Зная о мстительности, злонравии и коварстве его высококняжеского сиятельства, столь дерзкого на слово и на руку, Лермонт долго опасался князя и его поплечников, но дороги их как будто больше не перекрещивались, хотя под конец сошлись весьма близко, что возымело роковые последствия.
Они перекрестились, как перекрещиваются молнии, через два с лишним столетия, в жизни потомков Трубецких и Лермонтов.
В полку Лермонту сказали, что Трубецкой — один из самых влиятельных молодых еще князей-бояр, искусный царедворец, человек коварный и опасный, лютый зверюга. В Кремле знали, что Трубецкой не гнушался наглым подлогом выборов Царей. О таких в Библии, у Иова, сказано: «Сердце его твердо, как камень, и жестко, как нижний жернов». Далее разузнал в Кремле Лермонт, что Алексей Никитич Трубецкой, или Трубчевский, вел свое начало от великого князя Гедимина Литовского, соперника московских князей, правившего не только Литвой, но и русскими княжествами вплоть до Смоленска, Чернигова и Киева и покушавшегося на Новгород и Псков. Другой его предок в том же столетии, Димитрий Ольгердович, володел Брянском, Черниговом и Трубчевском. Близкий родич его князь Дмитрий Тимофеевич Трубецкой до избрания на царство Михаила Романова был правителем Москвы и даже всего Московского государства. И гнев такого вельможи, стоявшего у самого трона, навлек на себя несчастный Лермонт!
Вся Москва знала, что князь Трубецкой любил давать излишний простор языку и рукам.

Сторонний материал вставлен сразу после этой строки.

Theorem theorem4p15
  (F : finFieldType) (L : fieldExtType F) (q n : nat)
  (hq : #|F| = q) (hn : \dim {:L} = n)
  (alpha : L) (halpha : (q ^ n).-1.-primitive_root alpha)
  (r : nat) (t : nat -> nat) (hr : (0 < r)%N)
  (ht1 : (1 <= t 1)%N) (htr : (t r < n)%N)
  (htlt : forall i, (1 <= i < r)%N -> (t i < t i.+1)%N)
  (htdvd : forall i, (1 <= i < r)%N -> (t i %| t i.+1)%N)
  (htn : forall i, (1 <= i <= r)%N -> (t i %| n)%N)
  (K : nat -> {subfield L})
  (hK : forall i, (1 <= i <= r)%N -> \dim (K i) = t i)
  (beta : L) (hbeta : beta != 0) (m : nat) (hm : m.-primitive_root beta)
  (l : nat) (hl : (l %| (q ^ n).-1)%N)
  (hgen : forall x : L, (exists k : nat, x = beta ^+ k) <-> (exists k : nat, x = (alpha ^+ l) ^+ k)) :
  let Fl : nat -> {vspace L} := fun i => (K i : {vspace L}) in
  let c : nat -> nat := fun i => ((q ^ n).-1 %/ (q ^ t i).-1)%N in
  let li : nat -> nat := fun i => lcmn l (c i) in
  let d := flag_min_dist r (Orb Fl beta m) in
  [/\ d = 0%N <-> (li 1%N = li r /\ li r = l),
      d = (2 * \sum_(1 <= i < r.+1) t i)%N <-> (li 1%N = li r /\ li r <> l)
    & forall j, (2 <= j <= r)%N ->
        (d = (2 * \sum_(1 <= i < j) t i)%N <->
         [/\ li 1%N <> li r, li 1%N <> li j
           & forall k, (2 <= k < j)%N -> li 1%N = li k])].
Proof.
move=> Fl c li d.
have t_le := chain_homo (f := t) leqnn leq_trans (fun k hk => ltnW (htlt k hk)).
have t_dvd := chain_homo (f := t) dvdnn dvdn_trans htdvd.
have t_gt0 i : (1 <= i <= r)%N -> (0 < t i)%N.
  by case/andP=> i1 ir; apply: leq_trans ht1 (t_le 1%N i _ ir); rewrite i1.
have c_dvd i j : (1 <= i <= j)%N -> (j <= r)%N -> (c j %| c i)%N.
  move=> ij jr; have /andP[i1 i_le_j] := ij.
  apply: divn_dvd_antimono; apply: pred_expn_dvd; first exact: t_dvd.
  by apply: htn; rewrite jr (leq_trans i1 i_le_j).
have alpha_mem_K i k : (1 <= i <= r)%N -> (alpha ^+ k \in K i) = (c i %| k)%N.
  by move=> ir; rewrite (expr_mem_subfield (K := K i) k halpha) hq hK // pred_expn_dvd ?htn.
exact (lcm_jump_trichotomy hr t_gt0 c_dvd
  (orbit_min_dist_spec hr hK c_dvd alpha_mem_K hbeta hm hgen)).
Qed.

Он вполне мог бы попытаться прибить Лермонта, как холопа, и тогда дело неминуемо кончилось бы смертоубийством одного (Трубецкого, конечно) и казнью другого (увы, бельского немчины).
При дворе старая знать во главе с князем Трубецким открыто ополчилась на новую, служилую, предводителем или, вернее, символом коей считали Шеина, хотя он и отмахивался от такой чести.

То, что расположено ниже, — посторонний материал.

Lemma harmonic_ln_bounds (n d : nat) : (1 <= n)%nat ->
  ln (INR (n + d) + 1) - ln (INR n + 1) <= harmonic (n + d) - harmonic n
  <= ln (INR (n + d)) - ln (INR n).
Proof.
  intros Hn. induction d as [|d IH].
  - rewrite Nat.add_0_r. lra.
  - replace (n + S d)%nat with (S (n + d)) by lia.
    rewrite harmonic_S, S_INR.
    assert (1 <= INR (n + d)) by (apply (le_INR 1); lia).
    pose proof (ln_succ_bounds (INR (n + d) + 1)).
    pose proof (ln_succ_bounds (INR (n + d))).
    lra.
Qed.

Lemma is_lim_seq_inv_succ : is_lim_seq (fun k => / (INR k + 1)) 0.
Proof.
  apply (is_lim_seq_ext (fun k => / INR (S k))); [intro k; now rewrite S_INR|].
  replace (Finite 0) with (Rbar_inv p_infty) by reflexivity.
  apply is_lim_seq_inv; [|discriminate].
  apply (is_lim_seq_incr_1 INR), is_lim_seq_INR.
Qed.

Lemma harmonic_shift_lim (d : nat) :
  is_lim_seq (fun k => harmonic (k + d) - harmonic k) 0.
Proof.
  apply is_lim_seq_le_le with (fun _ => 0) (fun k => INR d * / (INR k + 1)).
  - intro k. apply harmonic_shift_bounds.
  - apply is_lim_seq_const.
  - replace (Finite 0) with (Rbar_mult (INR d) 0) by (simpl; f_equal; ring).
    apply is_lim_seq_scal_l, is_lim_seq_inv_succ.
Qed.

Lemma harmonic_double_lim : is_lim_seq (fun k => harmonic (2 * k) - harmonic k) (ln 2).
Proof.
  apply (is_lim_seq_incr_1 _).
  apply is_lim_seq_le_le with (fun k => ln 2 - / (INR k + 1)) (fun _ => ln 2).
  - intro k. set (n := S k).
    assert (Hn : 1 <= INR n) by (apply (le_INR 1); unfold n; lia).
    assert (Hk : INR k + 1 = INR n) by (symmetry; apply S_INR).
    replace (2 * n)%nat with (n + n)%nat by lia.
    pose proof (harmonic_ln_bounds n n ltac:(unfold n; lia)) as H.
    rewrite plus_INR in H. replace (INR n + INR n) with (2 * INR n) in H by ring.
    rewrite ln_mult in H by lra.
    assert (ln (2 * INR n) <= ln (2 * INR n + 1)) by (apply ln_le; lra).
    rewrite ln_mult in * by lra.
    pose proof (ln_succ_bounds (INR n) Hn). rewrite Hk. lra.
  - replace (Finite (ln 2)) with (Finite (ln 2 - 0)) by (f_equal; ring).
    apply is_lim_seq_minus'; [apply is_lim_seq_const|apply is_lim_seq_inv_succ].
  - apply is_lim_seq_const.
Qed.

— Мы, Рюриковичи, — гудел в боярских теремах бас Трубецкого, труба его иерихонская, — знать первой руки, а Шеин и его свора — наглые новопришельцы, воры, но заслужившие княжеское титло, расхитившие имения боярского цвета Руси, погубленного Иваном Грозным. Последним Рюриковичем на престоле был Царь Феодор, но вернется наше времечко, сполна отомстим мы Шеину, взашей погоним всю его братию, по шеям их звонкими топориками пройдемся!..
— Не Рюрикович ты, — крикнул ему однажды Шеин, — а Гедимин литовский.
Уверяли, что никто не пролил столько крови, сколько пролили ее князья Алексей и Юрий Никитич Трубецкой, враль и лжерюрикович, причем не польской, свейской или татарской к вящей славе Господа, а русской кровушки. Болотниковым князь был бит, да не добит под Москвой в 1606 году, но после освобождения Москвы от поляков в 1612 году, стремясь выслужиться у нового Царя Михаила Романова, отличился он в борьбе с воровскими шайками под Москвой, а было в этих шайках множество прежних ополченцев, кои дрались с ляхами, когда Трубецкой якшался с панами, а затем, не получив никакой награды от нового Царя, не вернулись на родное пепелище, а ушли с оружием в леса. Вот этих-то бедолаг и громил Трубецкой, казня толпами пленных на Болотной площади в Москве. Зато и назвал его Шеин «палачом с Болотной». Даже равнодушные к запутанным русским делам иноземные рейтары и те, неся охрану во время этих казней египетских на Болотной, набрякшей от крови бесчисленных жертв, не могли не сочувствовать в душе ополченцам, обманутым и преданным теми самыми князьями-боярами, кого поставили они у власти. Это было хуже поголовного уничтожения римлянами мятежного Фиванского легиона.
— Не попадайся этому принцу на глаза! — советовал Лермонту его полковник Дуглас. — И прибегни к военной хитрости — отпусти усы!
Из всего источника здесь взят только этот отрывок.